Food & Drink

Turning Tables Transforms Bartender Training in New Orleans

Bar work is a common career path in the cocktail-loving city of New Orleans, but finding stability and upward mobility in the hospitality industry is a challenge, particularly for young workers who face racist assumptions about their abilities and dedication.

To combat this issue, industry veteran Touré Folkes developed Turning Tables, a 12-week program that gives Black and Brown aspiring hospitality professionals a 360-degree view of the spirits, beverage, and hospitality industries. “Turning Tables is the only organization in New Orleans that offers what we do,” says Folkes. “It provides technical training, education, industry exposure, job placements, and extensive community resources, including mental health care.”

During “Rum Week,” for instance, the cohort tours a local distillery and learns about tasting and the process of making sugarcane-based spirits from Ari Ballard, a recent graduate of the Turning Tables program. Just as importantly, they are taught the historical context of the sugar and rum trades and their intrinsic links to slavery,

“It gives the student, no matter what their background is, an understanding of how history impacts the spirit world,” says local mixologist Deniseea Head, who leads the conversation. It’s an emotional discussion but one that offers precious context to the students — many of whose ancestors could have toiled in the region’s cane fields to create the very industry they work in now — and a reminder that the story of rum is theirs as well.

“Bartending only scratches the surface,” adds Folkes. “There is also a lack of representation in production, distribution, and sales. The reason we go so deep into the other aspects is to show them how to transition from behind the bar.”

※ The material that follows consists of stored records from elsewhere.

(* Consider the static single-object erasure-coded Byzantine read/write protocol described in the context over a set $C$ of flexnodes, at most $b<\frac{|C|-k}{3}$ of which are Byzantine, and suppose at most $\delta$ write operations are concurrent with any read. In any execution, if $\rho_1,\rho_2$ are complete read operations such that $\rho_1$ completes before $\rho_2$ is invoked, $\rho_1$ returns a value associated with tag $t_{\rho_1}$ and $\rho_2$ returns a value associated with tag $t_{\rho_2}$, then $t_{\rho_2}\ge t_{\rho_1}$.
   Context: Model. $C$ is a fixed finite set of processes (''flexnodes'') over asynchronous reliable channels. Up to $b$ flexnodes may be Byzantine. Processes invoking reads/writes follow the protocol but may crash. Signatures are unforgeable. An $[n,k]$ RLNC code with $n=|C|$: $\mathrm{Encode}(v)$ produces $|C|$ coded elements, any $k$ of which (from the same encoding) recover $v$. Tags are pairs $(z,w)$, $z\in\mathbb{N}$, $w$ a writer identifier, ordered lexicographically. A parameter $\delta\ge1$ is fixed. A quorum is any subset of $C$ of size $\lceil (2|C|+k)/3\rceil$. State. Each flexnode keeps a set $List$ of signed triples $(\langle t,e\rangle,\sigma)$, initially holding the initial pair with tag $t_0$. Primitives (by flexnode $p$): get-tag: query all, each replies with its signed max-tag entry, wait for replies from a quorum, return the maximum verified tag. put-data$(\langle t,v\rangle)$: encode $v$ into $e_1,\dots,e_{|C|}$, send $\langle t,e_j\rangle$ signed by $p$ to the $j$-th flexnode; a receiver adds it to $List$ if the signature verifies and no entry with tag $t$ exists, then if $|List|>\delta+1$ removes the entries with minimum tag, and acknowledges; $p$ waits for a quorum of acknowledgements. get-data: query all, each replies with its $List$, wait for a quorum, keep verified pairs, take the maximum tag appearing in at least $k$ received lists, decode and return it with its tag; if none exists the primitive does not complete. Operations: read = get-data returning $\langle t,v\rangle$, then put-data$(\langle t,v\rangle)$, then return $\langle t,v\rangle$; write$(v)$ by $w$ = get-tag returning $t$, then put-data$(\langle (t.z+1,w),v\rangle)$. *)

(* An operational model of the static single-object erasure-coded Byzantine
   read/write protocol: flexnodes 'I_n (some Byzantine set B), clients named
   by nat (client id = writer identifier), asynchronous reliable channels
   modelled as a multiset of in-transit messages delivered in any order. *)
From HB Require Import structures.
From mathcomp Require Import all_boot.
Set Implicit Arguments. Unset Strict Implicit. Unset Printing Implicit Defensive.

Turning Tables alumna Erika Flowers learned to mix drinks from bartenders she worked with as a server at restaurants around New Orleans. During the pandemic, she launched Taste of the Tropics, and sold bottled cocktails inspired by her Belizean heritage, which led her to Turning Tables. “Before I even reached the ‘finish line’ of the program, my cocktails improved and I was hosting cocktail pop-ups with confidence.” Before she was through with the program, she had a job offer from Cane & Table, where she had been doing her externship. Last year, she was selected as one of the Best New Bartenders of 2023 by Punch

Now as a guest teacher, Flowers continues the rum week lessons with more history, as well as tastings of different styles of rum from around the tropics, giving the class the opportunity to sample and compare flavors they may not have had the opportunity to before. 

Flowers also led the class in a cocktail competition, inspired by Speed Rack, the long-running series of events raising funds for breast cancer research and raising the profiles and experience of female bartenders across the country and beyond. Classmates went head to head making daiquiris to be judged on taste, temperature, time, and presentation. 

The match-up, a fun outlet at the end of a long few days of lessons, also offers a chance for students to receive direct critiques on their abilities and an opportunity to experiment with their own takes and variations on the cocktail. It’s an opportunity to take the legacy of rum and spirits built by their ancestors and make it their own.

Folkes connects every Turning Tables participant with mentors and externships, both local and nationwide, to help them discover and secure careers in the beverage industry. Since the program launched in 2019, more than 35% of graduates have been hired directly into management and leadership positions, like lead bartender, bar manager, and wine director. “Our externships develop leaders, entrepreneurs, and visionaries,” says Folkes. “Turning Tables alumni can make both immediate and long-term social impacts within the industry that are long overdue.”